In the end, main outcomes and results on the development and application of the present FDCIM approach, with specific reference to the seismic engineering context, may be summarized as follows:

  • The theoretical framework of the FDCIM technique has been presented, starting from the underlying mathematical model and the basic governing equations, by aiming at a complete and exhaustive description of the method.

  • The developed FDCIM approach releases strong assumptions of earlier known element-level techniques, towards the simultaneous identification of modal parameters, input ground motion excitation and mass, damping and stiffness matrices at the element-level through an innovative two-stage iterative algorithm.

  • A Statistical Average technique, a modification process and a parameter projection strategy have been developed within the iterative algorithm and adopted to provide correct constraints and to achieve stronger and faster convergence on the identification estimates.

  • The proposed FDCIM method works in a completely-deterministic way, it is fully developed in State-Space form and it does not require continuous- to discrete-time transformations. Further, it does not depend on computational initialization conditions or on the state estimation, as it has been proven with the performed validation analyses.

  • Accurate estimates of all structural parameters have been provided, such as element-level mass, damping and stiffness matrices, by knowing only a single component of one of these matrices, or even by relying on an estimate of a global parameter of the structure, like for instance the total mass of the building.
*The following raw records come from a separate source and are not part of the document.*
(* The ladder is a sequence of edges except possibly at the junction between
   its last negative vertex -e_(find x) and its first positive vertex e_(find y):
   two negative or two positive vertices are never antipodal. *)
Lemma ladder_edges :
  path (fun u v => u != - v) (- e n.-1) (ladder_tail x y) = first_bits_differ (x, y).
Proof.
have lt_n1 : (n.-1 < n)%N by rewrite prednK.
have lt_find (b : seq bool) : size b = n.-1 -> (find id b < n)%N.
  by move=> sb; rewrite (leq_ltn_trans (find_size _ _)) ?sb.
have all_x : all (fun i => i < n)%N (n.-1 :: rev (positions x)).
  by rewrite /= lt_n1 all_rev; apply/allP => i /positions_lt; rewrite size_x; lia.
have last_neg : last n.-1 (rev (positions x)) = find id x.
  rewrite -size_x -head_positions; case: (positions x) => //= i s.
  by rewrite rev_cons last_rcons.
have pos_y : positions (rcons y true) =
             find id y :: behead (positions (rcons y true)).
  by rewrite positions_rcons -head_positions; case: (positions y).
rewrite /ladder_tail -map_rev cat_path (last_map (fun i => - e i)) last_neg.
rewrite (path_map_all (fun i : nat => (i < n)%N) (fun i => - e i)) //; last first.
  by move=> i j _ lt_jn; rewrite opprK opp_evec_neq.
rewrite pos_y /= eqr_opp (path_map_all (fun i : nat => (i < n)%N) e) ?andbT.
- congr negb; apply/eqP/eqP => [/(evec_inj (lt_find x size_x))|->] //.
- by move=> i j lt_in _; rewrite eq_sym opp_evec_neq.
- by rewrite -pos_y positions_bounded.
Qed.

Lemma ladder_neg_bits : x = [seq - e i \in ladder x y | i <- iota 0 n.-1].
Proof.
apply: (@eq_from_nth _ false); rewrite ?size_map ?size_iota // => i lt_i.
rewrite (nth_map 0) ?nth_iota ?size_iota -?size_x // add0n mem_ladder_neg.
  by rewrite nth_rcons lt_i.
by rewrite (leq_trans lt_i) // size_x leq_pred.
Qed.
Lemma cIm_sum (I : finType) (P : pred I) (F : I -> R[i]) :
  cIm (\sum_(i | P i) F i) = \sum_(i | P i) cIm (F i).
Proof. exact: (big_morph _ cImD). Qed.

Lemma expiD a c : expi (a + c) = expi a * expi c.
Proof. by rewrite /expi cosD sinD; congr (_ +i* _); ring. Qed.

Lemma expi0 : expi 0 = 1 :> R[i].
Proof. by rewrite /expi cos0 sin0. Qed.

Lemma cabs_expi t : cabs (expi t) = 1.
Proof. by rewrite /cabs /= cos2Dsin2 sqrtr1. Qed.

Lemma expi_neq0 t : expi t != 0.
Proof. by rewrite -cabs_eq0 cabs_expi oner_eq0. Qed.

Lemma expiN t : expi (- t) = (expi t)^-1.
Proof.
apply: (mulfI (expi_neq0 t)).
by rewrite -expiD subrr expi0 divff ?expi_neq0.
Qed.

Lemma conj_expi t : (expi t)^*%R = (expi t)^-1.
Proof. by rewrite -expiN /expi cosN sinN. Qed.

Lemma expiB a c : expi (a - c) = expi a / expi c.
Proof. by rewrite expiD expiN. Qed.

Lemma expi_2pi_periodic t (k : int) : expi (t + 2 * pi * k%:~R) = expi t.
Proof.
have expi_2pin (m : nat) (u : R) : expi (u + 2 * pi * m%:R) = expi u.
  have -> : 2 * pi * m%:R = (pi *+ 2) *+ m :> R by rewrite mulr_natr mulr_natl.
  by rewrite /expi (periodicn (@cosD2pi R)) (periodicn (@sinD2pi R)).
case: k => m; first exact: expi_2pin.
rewrite NegzE mulrNz.
by rewrite -[LHS](expi_2pin m.+1 (t + 2 * pi * - m.+1%:R)) mulrN addrNK.
Qed.

Lemma carg_cos_sin z : z != 0 ->
  cos (carg z) = cRe z / cabs z /\ sin (carg z) = cIm z / cabs z.
Proof.
move=> z0; have c_gt0 : 0 < cabs z by rewrite lt_def cabs_eq0 z0 cabs_ge0.
have c_sq := cabs_sq z.
rewrite /carg (negbTE z0); case: z z0 c_gt0 c_sq => a b /= _.
set c := cabs _ => c_gt0 c_sq.
have ac_itv : -1 <= a / c <= 1.
  by rewrite ler_pdivrMr // ler_pdivlMr //; apply/andP; split; nra.
have sin_acos_ac : Num.sqrt (1 - (a / c) ^+ 2) = `|b| / c.
  have -> : 1 - (a / c) ^+ 2 = (b / c) ^+ 2.
    by rewrite !expr_div_n (_ : b ^+ 2 = c ^+ 2 - a ^+ 2); [field; rewrite gt_eqF|lra].
  by rewrite sqrtr_sqr normf_div (gtr0_norm c_gt0).
have [b_ge0|b_lt0] := lerP 0 b.
  by rewrite acosK ?inE // sin_acos // sin_acos_ac ger0_norm.
by rewrite cosN sinN acosK ?inE // sin_acos // sin_acos_ac ltr0_norm // mulNr opprK.
Qed.

Lemma polar z : z = (cabs z)%:C * expi (carg z).
Proof.
have [->|z0] := eqVneq z 0.
  by rewrite (eqP (_ : cabs 0 == 0)) ?mul0r ?cabs_eq0.
rewrite /expi; have [-> ->] := carg_cos_sin z0.
have c0 : cabs z != 0 by rewrite cabs_eq0.
by case: z z0 c0 => a b _ c0 /=; congr (_ +i* _); field.
Qed.

Lemma carg_expi t : - pi < t <= pi -> carg (expi t) = t.
Proof.
move=> /andP[t_gtNpi t_lepi].
rewrite /carg (negbTE (expi_neq0 t)) cabs_expi divr1 /=.
have [t_ge0|t_lt0] := lerP 0 t.
  by rewrite sin_ge0_pi ?t_ge0 //; apply: cosK; rewrite in_itv /= t_ge0.
have sin_lt0 : sin t < 0.
  by rewrite -[t]opprK sinN oppr_lt0 sin_gt0_pi // oppr_gt0 t_lt0 ltrNl.
rewrite leNgt sin_lt0 /= cosKN ?opprK // (ltW t_lt0) andbT; lra.
Qed.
  • The algorithm has been validated first with simulated data from a three-storey shear-type frame, by showing the achieved estimates for modal parameters, input ground motion excitation and element-level structural parameters, as a function of the adopted number of signal points, starting from the initial time instant. Effectiveness has been proven by relying on a minimum of 50 points to a maximum of 4000 points, i.e. on the entire signal.

  • The FDCIM approach is then applied to noise-corrupted earthquake-induced synthetic response signals, still on the three-storey frame, by considering various levels of added noise. The effective estimates coming out from the analyses further validated and confirmed the goodness of the present FDCIM identification approach, by aiming at getting closer to real conditions.

  • Finally, additional analyses with a more complex structural case, i.e. a realistic ten-storey frame from the literature have been performed, as a function of the adopted number of points and by using again noise-corrupted signals. These further and fully confirmed the results achieved from the present inverse analysis identification method.

Further on-going research will concern attempts with even more complex structures and several seismic ground motion excitations (synthetic signals), jointly with the later adoption of real earthquake-induced response data. Then, integration or support by the FDCIM to other common output-only methods working with State-Space parametric Time Domain frameworks will be addressed. Additional theoretical investigations on the FDCIM approach and on its possible further improvement will be the target of future work.